Check out, Matplotlib invert y axis

Matplotlib tight_layout legend

Sometimes, when we save a plot with a legend in our machine we find that the legend cut-offs. So, we’ll learn how to solve the problem of legend cut off while saving a plot.

To avoid the cutoff of legend, use the tight_layout() method of pyplot module of matplotlib.

Let’s see an example:

# Import Library

import matplotlib.pyplot as plt

# Create figure

fig = plt.figure(1)

# Plot

plt.plot([1, 2, 3, 4, 5], [1, 0, 1, 0, 1], label='A label')
plt.plot([1, 2, 3, 8, 2.5], [1, 2, 2, 1, 0], label='B label')

# Legend

plt.legend(loc='center left', bbox_to_anchor=(1, 0))

# Savefig

#fig.savefig('Cut-off Legend.png')

# Display

plt.show()
  • Here we import matplotlib.pyplot library and create figure by using plt.figure().
  • After this, we plot a chart and define labels.
  • Then we use plt.legend() method to add a legend in the plot. And we pass loc and bbox_to_anchor parameters and set their value center left, and 1, 0 respectively.
  • To save a plot in your machine, use savefig() method.
matplotlib tight_layout legend
” Jupyter Notebook Output “
matplotlib tight_layout with legend
” Savefig Output “

In the above output, we see that when we save the plot in our machine by using the savefig() method the legends get cut off.

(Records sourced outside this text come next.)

Lemma le_at_0_of_derive_nonpos (f df : R -> R) y : 0 <= y ->
  (forall x, is_derive f x (df x)) -> (forall x, 0 <= x -> df x <= 0) -> f y <= f 0.
Proof.
  intros Hy Hd Hdf.
  destruct (Req_dec y 0) as [->|Hy0]; [lra|].
  destruct (MVT_gen f 0 y df) as [c [Hc Heq]].
  - intros x _; apply Hd.
  - intros x _. apply derivable_continuous_pt; exists (df x); apply is_derive_Reals, Hd.
  - rewrite Rmin_left, Rmax_right in Hc by lra.
    assert (df c <= 0) by (apply Hdf; lra). nra.
Qed.

Lemma sinh_le_mul_cosh y : 0 <= y -> (exp y - exp (-y)) / 2 <= y * ((exp y + exp (-y)) / 2).
Proof.
  intros Hy.
  pose (f x := (exp x - exp (-x)) / 2 - x * ((exp x + exp (-x)) / 2)).
  assert (Hf : f y <= f 0).
  { apply (le_at_0_of_derive_nonpos f (fun x => - (x * ((exp x - exp (-x)) / 2)))); auto.
    - intros x. unfold f. auto_derive; auto. field.
    - intros x Hx. assert (exp (-x) <= exp x) by (apply exp_le_compat; lra). nra. }
  unfold f in Hf. rewrite Ropp_0, exp_0 in Hf. lra.
Qed.

Lemma cosh_le_exp_sqr_nonneg y : 0 <= y -> (exp y + exp (-y)) / 2 <= exp (y ^ 2 / 2).
Proof.
  intros Hy.
  pose (f x := (exp x + exp (-x)) / 2 * exp (- (x ^ 2 / 2))).
  assert (Hf : f y <= f 0).
  { apply (le_at_0_of_derive_nonpos f
      (fun x => ((exp x - exp (-x)) / 2 - x * ((exp x + exp (-x)) / 2)) * exp (- (x ^ 2 / 2)))); auto.
    - intros x. unfold f. auto_derive; auto.
      replace (x * (x * 1) * / 2) with (x ^ 2 / 2) by (unfold Rdiv; ring). field.
    - intros x Hx. pose proof (sinh_le_mul_cosh x Hx). pose proof (exp_pos (- (x ^ 2 / 2))). nra. }
  unfold f in Hf. replace (0 ^ 2 / 2) with 0 in Hf by field.
  rewrite !Ropp_0, !exp_0 in Hf.
  assert (exp (y ^ 2 / 2) * exp (- (y ^ 2 / 2)) = 1)
    by (rewrite <- exp_plus, Rplus_opp_r; apply exp_0).
  pose proof (exp_pos (y ^ 2 / 2)). pose proof (exp_pos (- (y ^ 2 / 2))). nra.
Qed.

To overcome this problem we use the tight_layout() method.

Example:

# Import Library

import matplotlib.pyplot as plt

# Create figure

fig = plt.figure(1)

# Plot

plt.plot([1, 2, 3, 4, 5], [1, 0, 1, 0, 1], label='A label')
plt.plot([1, 2, 3, 8, 2.5], [1, 2, 2, 1, 0], label='B label')

# Legend

plt.legend(loc='center left', bbox_to_anchor=(1, 0))

# Adjust legend

plt.tight_layout()

# Savefig

fig.savefig('Proper Legend.png')

# Display

plt.show()

Now, here we use plt.tight_layout() method, which is used for auto adjustment of plot, ticklabels, labels, and legends.

matplotlib legend with tight_layout
plt.tight_layout()

In the above output, we use the tight_layput() method to get the proper legend.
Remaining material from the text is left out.